Segment Open

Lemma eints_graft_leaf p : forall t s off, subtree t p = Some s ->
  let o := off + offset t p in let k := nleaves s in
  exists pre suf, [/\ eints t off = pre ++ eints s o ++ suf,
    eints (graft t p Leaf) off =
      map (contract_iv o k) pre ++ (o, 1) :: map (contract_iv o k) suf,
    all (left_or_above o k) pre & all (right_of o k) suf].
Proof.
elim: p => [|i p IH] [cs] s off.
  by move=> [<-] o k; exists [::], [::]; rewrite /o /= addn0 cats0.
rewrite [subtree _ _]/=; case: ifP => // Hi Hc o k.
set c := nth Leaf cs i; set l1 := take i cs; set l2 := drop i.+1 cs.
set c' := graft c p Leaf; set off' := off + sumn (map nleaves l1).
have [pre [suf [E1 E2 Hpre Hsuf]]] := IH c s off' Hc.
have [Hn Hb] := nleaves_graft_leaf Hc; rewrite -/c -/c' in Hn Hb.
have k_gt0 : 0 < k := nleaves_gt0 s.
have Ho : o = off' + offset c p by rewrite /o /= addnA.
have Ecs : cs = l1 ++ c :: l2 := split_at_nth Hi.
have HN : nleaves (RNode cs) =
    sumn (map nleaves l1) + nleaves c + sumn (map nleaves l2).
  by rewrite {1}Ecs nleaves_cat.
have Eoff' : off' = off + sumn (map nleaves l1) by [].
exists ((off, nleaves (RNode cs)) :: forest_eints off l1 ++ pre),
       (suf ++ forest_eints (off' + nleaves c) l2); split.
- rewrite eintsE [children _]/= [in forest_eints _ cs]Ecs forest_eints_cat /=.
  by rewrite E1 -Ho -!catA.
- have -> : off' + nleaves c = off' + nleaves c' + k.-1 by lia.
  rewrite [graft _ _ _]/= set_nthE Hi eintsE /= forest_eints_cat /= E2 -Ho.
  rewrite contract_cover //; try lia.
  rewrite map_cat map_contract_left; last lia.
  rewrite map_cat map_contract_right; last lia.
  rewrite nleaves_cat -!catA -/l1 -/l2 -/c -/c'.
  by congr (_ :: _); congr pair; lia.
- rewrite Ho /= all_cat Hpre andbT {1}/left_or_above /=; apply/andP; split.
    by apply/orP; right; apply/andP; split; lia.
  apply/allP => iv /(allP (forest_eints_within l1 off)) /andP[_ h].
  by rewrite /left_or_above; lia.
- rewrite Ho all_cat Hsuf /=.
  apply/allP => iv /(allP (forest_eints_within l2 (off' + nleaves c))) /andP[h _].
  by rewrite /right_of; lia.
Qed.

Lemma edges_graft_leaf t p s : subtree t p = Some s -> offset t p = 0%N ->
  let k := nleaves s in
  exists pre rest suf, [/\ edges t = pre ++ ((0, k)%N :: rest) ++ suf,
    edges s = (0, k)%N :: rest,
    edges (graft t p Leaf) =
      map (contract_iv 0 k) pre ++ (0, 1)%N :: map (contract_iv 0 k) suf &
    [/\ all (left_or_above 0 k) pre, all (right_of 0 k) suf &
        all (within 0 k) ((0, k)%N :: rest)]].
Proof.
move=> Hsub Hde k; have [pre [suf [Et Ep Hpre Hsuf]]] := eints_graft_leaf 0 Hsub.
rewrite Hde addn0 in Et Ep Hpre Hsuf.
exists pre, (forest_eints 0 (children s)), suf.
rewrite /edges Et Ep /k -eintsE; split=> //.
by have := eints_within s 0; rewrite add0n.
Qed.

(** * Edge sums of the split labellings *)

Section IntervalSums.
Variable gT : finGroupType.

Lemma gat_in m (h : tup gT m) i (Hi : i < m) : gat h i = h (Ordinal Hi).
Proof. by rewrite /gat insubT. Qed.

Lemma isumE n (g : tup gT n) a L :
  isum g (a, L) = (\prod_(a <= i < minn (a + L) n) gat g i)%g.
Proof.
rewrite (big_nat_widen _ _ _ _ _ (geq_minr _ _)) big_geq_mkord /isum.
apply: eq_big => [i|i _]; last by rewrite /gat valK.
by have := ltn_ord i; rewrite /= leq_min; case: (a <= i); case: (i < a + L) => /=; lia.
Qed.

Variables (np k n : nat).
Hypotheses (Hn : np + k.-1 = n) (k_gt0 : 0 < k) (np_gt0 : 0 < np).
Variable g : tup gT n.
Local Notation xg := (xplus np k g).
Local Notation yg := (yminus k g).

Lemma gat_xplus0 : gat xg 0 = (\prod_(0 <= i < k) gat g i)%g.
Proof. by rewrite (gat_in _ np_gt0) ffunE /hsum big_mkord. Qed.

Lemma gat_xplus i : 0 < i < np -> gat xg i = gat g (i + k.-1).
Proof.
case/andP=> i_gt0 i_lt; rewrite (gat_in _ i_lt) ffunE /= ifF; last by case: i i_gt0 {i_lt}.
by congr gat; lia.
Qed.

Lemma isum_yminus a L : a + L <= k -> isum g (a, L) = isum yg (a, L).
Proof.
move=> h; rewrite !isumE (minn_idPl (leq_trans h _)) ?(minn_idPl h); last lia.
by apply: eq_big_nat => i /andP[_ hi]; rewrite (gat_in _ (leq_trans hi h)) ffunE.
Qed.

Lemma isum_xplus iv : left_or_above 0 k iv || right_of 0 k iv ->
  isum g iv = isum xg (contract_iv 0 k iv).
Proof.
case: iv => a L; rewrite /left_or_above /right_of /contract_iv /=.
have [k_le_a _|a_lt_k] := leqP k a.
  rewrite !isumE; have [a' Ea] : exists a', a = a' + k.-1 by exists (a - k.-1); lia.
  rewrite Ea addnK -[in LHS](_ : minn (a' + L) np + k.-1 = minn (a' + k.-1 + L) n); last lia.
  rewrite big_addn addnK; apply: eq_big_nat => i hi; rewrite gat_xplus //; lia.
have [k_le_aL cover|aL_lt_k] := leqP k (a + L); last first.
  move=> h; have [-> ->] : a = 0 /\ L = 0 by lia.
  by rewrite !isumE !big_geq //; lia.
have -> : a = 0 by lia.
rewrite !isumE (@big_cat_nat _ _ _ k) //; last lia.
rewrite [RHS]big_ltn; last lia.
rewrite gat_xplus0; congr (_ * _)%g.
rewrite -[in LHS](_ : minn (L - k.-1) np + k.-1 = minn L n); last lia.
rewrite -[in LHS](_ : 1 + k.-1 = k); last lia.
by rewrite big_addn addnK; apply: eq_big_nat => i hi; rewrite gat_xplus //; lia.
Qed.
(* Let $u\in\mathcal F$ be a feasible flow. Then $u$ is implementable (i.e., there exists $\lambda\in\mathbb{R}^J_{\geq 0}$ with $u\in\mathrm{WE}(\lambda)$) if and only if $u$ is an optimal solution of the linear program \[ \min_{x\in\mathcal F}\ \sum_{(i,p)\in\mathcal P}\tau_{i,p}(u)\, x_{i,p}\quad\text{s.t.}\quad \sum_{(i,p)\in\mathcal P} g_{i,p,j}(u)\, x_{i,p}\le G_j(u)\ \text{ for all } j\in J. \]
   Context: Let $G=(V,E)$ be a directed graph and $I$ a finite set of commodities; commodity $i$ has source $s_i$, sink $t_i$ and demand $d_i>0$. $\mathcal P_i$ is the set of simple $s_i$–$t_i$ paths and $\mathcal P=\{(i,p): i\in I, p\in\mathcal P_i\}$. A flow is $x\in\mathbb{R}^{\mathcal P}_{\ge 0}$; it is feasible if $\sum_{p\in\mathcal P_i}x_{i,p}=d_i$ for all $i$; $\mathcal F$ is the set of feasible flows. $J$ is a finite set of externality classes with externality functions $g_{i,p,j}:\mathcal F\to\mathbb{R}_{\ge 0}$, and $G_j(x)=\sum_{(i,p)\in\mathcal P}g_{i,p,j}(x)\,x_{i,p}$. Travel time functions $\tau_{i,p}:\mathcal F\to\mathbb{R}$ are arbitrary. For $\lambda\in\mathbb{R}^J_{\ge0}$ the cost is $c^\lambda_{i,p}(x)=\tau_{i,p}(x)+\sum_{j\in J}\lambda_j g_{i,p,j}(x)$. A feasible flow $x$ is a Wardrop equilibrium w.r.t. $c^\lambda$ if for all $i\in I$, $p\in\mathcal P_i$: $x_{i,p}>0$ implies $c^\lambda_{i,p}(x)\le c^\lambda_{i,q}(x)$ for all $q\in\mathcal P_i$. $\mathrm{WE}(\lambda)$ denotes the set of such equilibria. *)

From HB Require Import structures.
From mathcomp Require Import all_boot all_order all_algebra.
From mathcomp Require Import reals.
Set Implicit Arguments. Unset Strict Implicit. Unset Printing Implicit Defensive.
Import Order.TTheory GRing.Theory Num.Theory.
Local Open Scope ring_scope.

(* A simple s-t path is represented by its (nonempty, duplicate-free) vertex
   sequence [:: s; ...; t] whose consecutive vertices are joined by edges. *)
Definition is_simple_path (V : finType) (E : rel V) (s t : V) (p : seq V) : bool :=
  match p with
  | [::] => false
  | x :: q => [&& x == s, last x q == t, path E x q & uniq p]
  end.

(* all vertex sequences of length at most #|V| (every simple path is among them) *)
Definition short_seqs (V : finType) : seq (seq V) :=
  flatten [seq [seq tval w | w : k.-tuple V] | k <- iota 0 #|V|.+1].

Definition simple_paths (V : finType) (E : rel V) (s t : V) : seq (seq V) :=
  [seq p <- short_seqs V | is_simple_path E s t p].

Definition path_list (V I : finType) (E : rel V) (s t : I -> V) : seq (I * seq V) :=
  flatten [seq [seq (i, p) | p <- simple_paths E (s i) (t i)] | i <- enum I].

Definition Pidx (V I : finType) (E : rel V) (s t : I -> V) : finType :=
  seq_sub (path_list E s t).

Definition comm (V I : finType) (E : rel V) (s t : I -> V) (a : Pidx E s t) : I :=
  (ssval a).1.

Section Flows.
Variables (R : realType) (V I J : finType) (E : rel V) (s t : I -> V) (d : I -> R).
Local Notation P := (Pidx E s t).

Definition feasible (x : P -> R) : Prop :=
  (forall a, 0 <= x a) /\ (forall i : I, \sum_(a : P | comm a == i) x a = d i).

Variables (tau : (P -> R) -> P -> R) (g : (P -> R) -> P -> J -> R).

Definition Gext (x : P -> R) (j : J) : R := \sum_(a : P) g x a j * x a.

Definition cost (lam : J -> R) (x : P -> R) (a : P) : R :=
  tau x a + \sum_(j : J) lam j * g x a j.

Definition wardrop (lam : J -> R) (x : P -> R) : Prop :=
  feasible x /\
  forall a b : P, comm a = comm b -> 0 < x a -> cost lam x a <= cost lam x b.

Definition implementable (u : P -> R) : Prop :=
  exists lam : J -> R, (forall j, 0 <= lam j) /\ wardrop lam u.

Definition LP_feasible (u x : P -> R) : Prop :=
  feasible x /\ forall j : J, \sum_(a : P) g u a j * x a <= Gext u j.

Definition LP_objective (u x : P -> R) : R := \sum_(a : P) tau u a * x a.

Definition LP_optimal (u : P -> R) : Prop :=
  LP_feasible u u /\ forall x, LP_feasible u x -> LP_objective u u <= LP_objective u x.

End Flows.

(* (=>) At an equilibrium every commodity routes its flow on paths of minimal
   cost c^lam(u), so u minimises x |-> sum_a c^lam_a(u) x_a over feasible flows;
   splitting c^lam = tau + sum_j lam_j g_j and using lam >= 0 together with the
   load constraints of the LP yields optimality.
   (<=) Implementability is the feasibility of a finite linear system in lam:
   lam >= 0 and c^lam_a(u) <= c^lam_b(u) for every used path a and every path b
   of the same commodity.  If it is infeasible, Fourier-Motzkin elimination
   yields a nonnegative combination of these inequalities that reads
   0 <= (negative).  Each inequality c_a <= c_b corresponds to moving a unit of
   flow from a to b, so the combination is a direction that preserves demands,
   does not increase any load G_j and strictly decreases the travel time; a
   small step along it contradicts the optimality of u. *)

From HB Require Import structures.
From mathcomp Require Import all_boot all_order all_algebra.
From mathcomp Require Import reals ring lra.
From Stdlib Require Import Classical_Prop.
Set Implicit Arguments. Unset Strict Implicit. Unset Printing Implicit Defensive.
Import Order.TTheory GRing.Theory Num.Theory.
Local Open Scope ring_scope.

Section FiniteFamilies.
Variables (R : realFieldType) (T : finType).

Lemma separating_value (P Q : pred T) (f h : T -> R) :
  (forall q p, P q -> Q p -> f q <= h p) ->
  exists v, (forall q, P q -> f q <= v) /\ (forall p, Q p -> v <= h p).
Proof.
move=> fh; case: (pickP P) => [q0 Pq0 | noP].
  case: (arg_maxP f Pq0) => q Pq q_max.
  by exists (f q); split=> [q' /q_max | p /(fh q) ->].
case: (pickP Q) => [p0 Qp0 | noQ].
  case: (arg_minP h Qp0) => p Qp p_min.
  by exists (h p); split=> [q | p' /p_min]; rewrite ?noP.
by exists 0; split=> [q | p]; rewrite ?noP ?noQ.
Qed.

Segment Closed

* The problem *
Look above for the line holding "by move=> [<-]", then set down exactly that line and every line after it up to and including the line holding "have [pre [suf [E1", with nothing else.

* Result of this exercise *
  by move=> [<-] o k; exists [::], [::]; rewrite /o /= addn0 cats0.
rewrite [subtree _ _]/=; case: ifP => // Hi Hc o k.
set c := nth Leaf cs i; set l1 := take i cs; set l2 := drop i.+1 cs.
set c' := graft c p Leaf; set off' := off + sumn (map nleaves l1).
have [pre [suf [E1 E2 Hpre Hsuf]]] := IH c s off' Hc.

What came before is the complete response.